■ **ABOUT THIS EXERCISE**: Give the count of lines below that include the word "Hdet", and say nothing else.

--- DATA LISTING Enclosed Below ---

Lemma halving_intervals_limit (a w : nat -> R) :
  (forall n, 0 <= w n) ->
  (forall n, w (S n) = w n / 2 /\ half_step (a n) (w n) (a (S n))) ->
  Un_cv w 0 -> exists p, forall n, a n <= p <= a n + w n.
Proof.
  intros Hw Hstep; apply nested_intervals; [exact Hw | |];
    intros n; destruct (Hstep n) as [Hwn [-> | ->]]; pose proof (Hw n); lra.
Qed.

Lemma shrinking_boxes_point (P : SL2 -> Prop) (Bs : nat -> box) :
  SL2_closed P ->
  (forall n, box_child (Bs n) (Bs (S n))) ->
  Un_cv (fun n => width (Bs n)) 0 ->
  (forall n, exists g, P g /\ in_box (Bs n) g) ->
  exists p, P p /\ forall n g, in_box (Bs n) g -> SL2_dist p g <= width (Bs n).
Proof.
  intros Hcl Hchild Hw0 Hne.
  assert (Hw : forall n, 0 <= width (Bs n)).
  { intros n; destruct (Hne n) as (g & _ & [? ?] & _); lra. }
  destruct (halving_intervals_limit (fun n => lo_a (Bs n)) _ Hw) as [pa Hpa];
    [intros n; destruct (Hchild n) as (? & ? & _); auto | exact Hw0 |].
  destruct (halving_intervals_limit (fun n => lo_b (Bs n)) _ Hw) as [pb Hpb];
    [intros n; destruct (Hchild n) as (? & _ & ? & _); auto | exact Hw0 |].
  destruct (halving_intervals_limit (fun n => lo_c (Bs n)) _ Hw) as [pc Hpc];
    [intros n; destruct (Hchild n) as (? & _ & _ & ? & _); auto | exact Hw0 |].
  destruct (halving_intervals_limit (fun n => lo_d (Bs n)) _ Hw) as [pd Hpd];
    [intros n; destruct (Hchild n) as (? & _ & _ & _ & ?); auto | exact Hw0 |].
  assert (Hnear : forall n g, in_box (Bs n) g ->
    Rabs (sa g - pa) <= width (Bs n) /\ Rabs (sb g - pb) <= width (Bs n) /\
    Rabs (sc g - pc) <= width (Bs n) /\ Rabs (sd g - pd) <= width (Bs n)).
  { intros n g (Ha & Hb & Hc & Hd); unfold slab in *;
      specialize (Hpa n); specialize (Hpb n); specialize (Hpc n); specialize (Hpd n);
      simpl in *; repeat split; apply Rabs_le; lra. }
  destruct (choice (fun n g => P g /\ in_box (Bs n) g) Hne) as [gs Hgs].
  assert (Hdet : pa * pd - pb * pc = 1).
  { apply (SL2_det_limit gs); apply (Un_cv_squeeze _ _ _ Hw0); intros n;
      destruct (Hnear n (gs n) (proj2 (Hgs n))) as (? & ? & ? & ?); assumption. }
  assert (Hball : forall n g, in_box (Bs n) g ->
            SL2_dist (mkSL2 pa pb pc pd Hdet) g <= width (Bs n)).
  { intros n g Hg; destruct (Hnear n g Hg) as (? & ? & ? & ?);
      apply SL2_dist_le; simpl; rewrite Rabs_minus_sym; assumption. }
  exists (mkSL2 pa pb pc pd Hdet); split; [| exact Hball].
  apply Hcl; intros e He.
  destruct (Hw0 e He) as [N HN]; specialize (HN N (le_n N)).
  unfold R_dist in HN; rewrite Rminus_0_r in HN.
  exists (gs N); split; [apply Hgs |].
  pose proof (Hball N (gs N) (proj2 (Hgs N))); pose proof (Rle_abs (width (Bs N))); lra.
Qed.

--- End of Enclosed DATA LISTING ---

■ **EXERCISE RESULT**: 3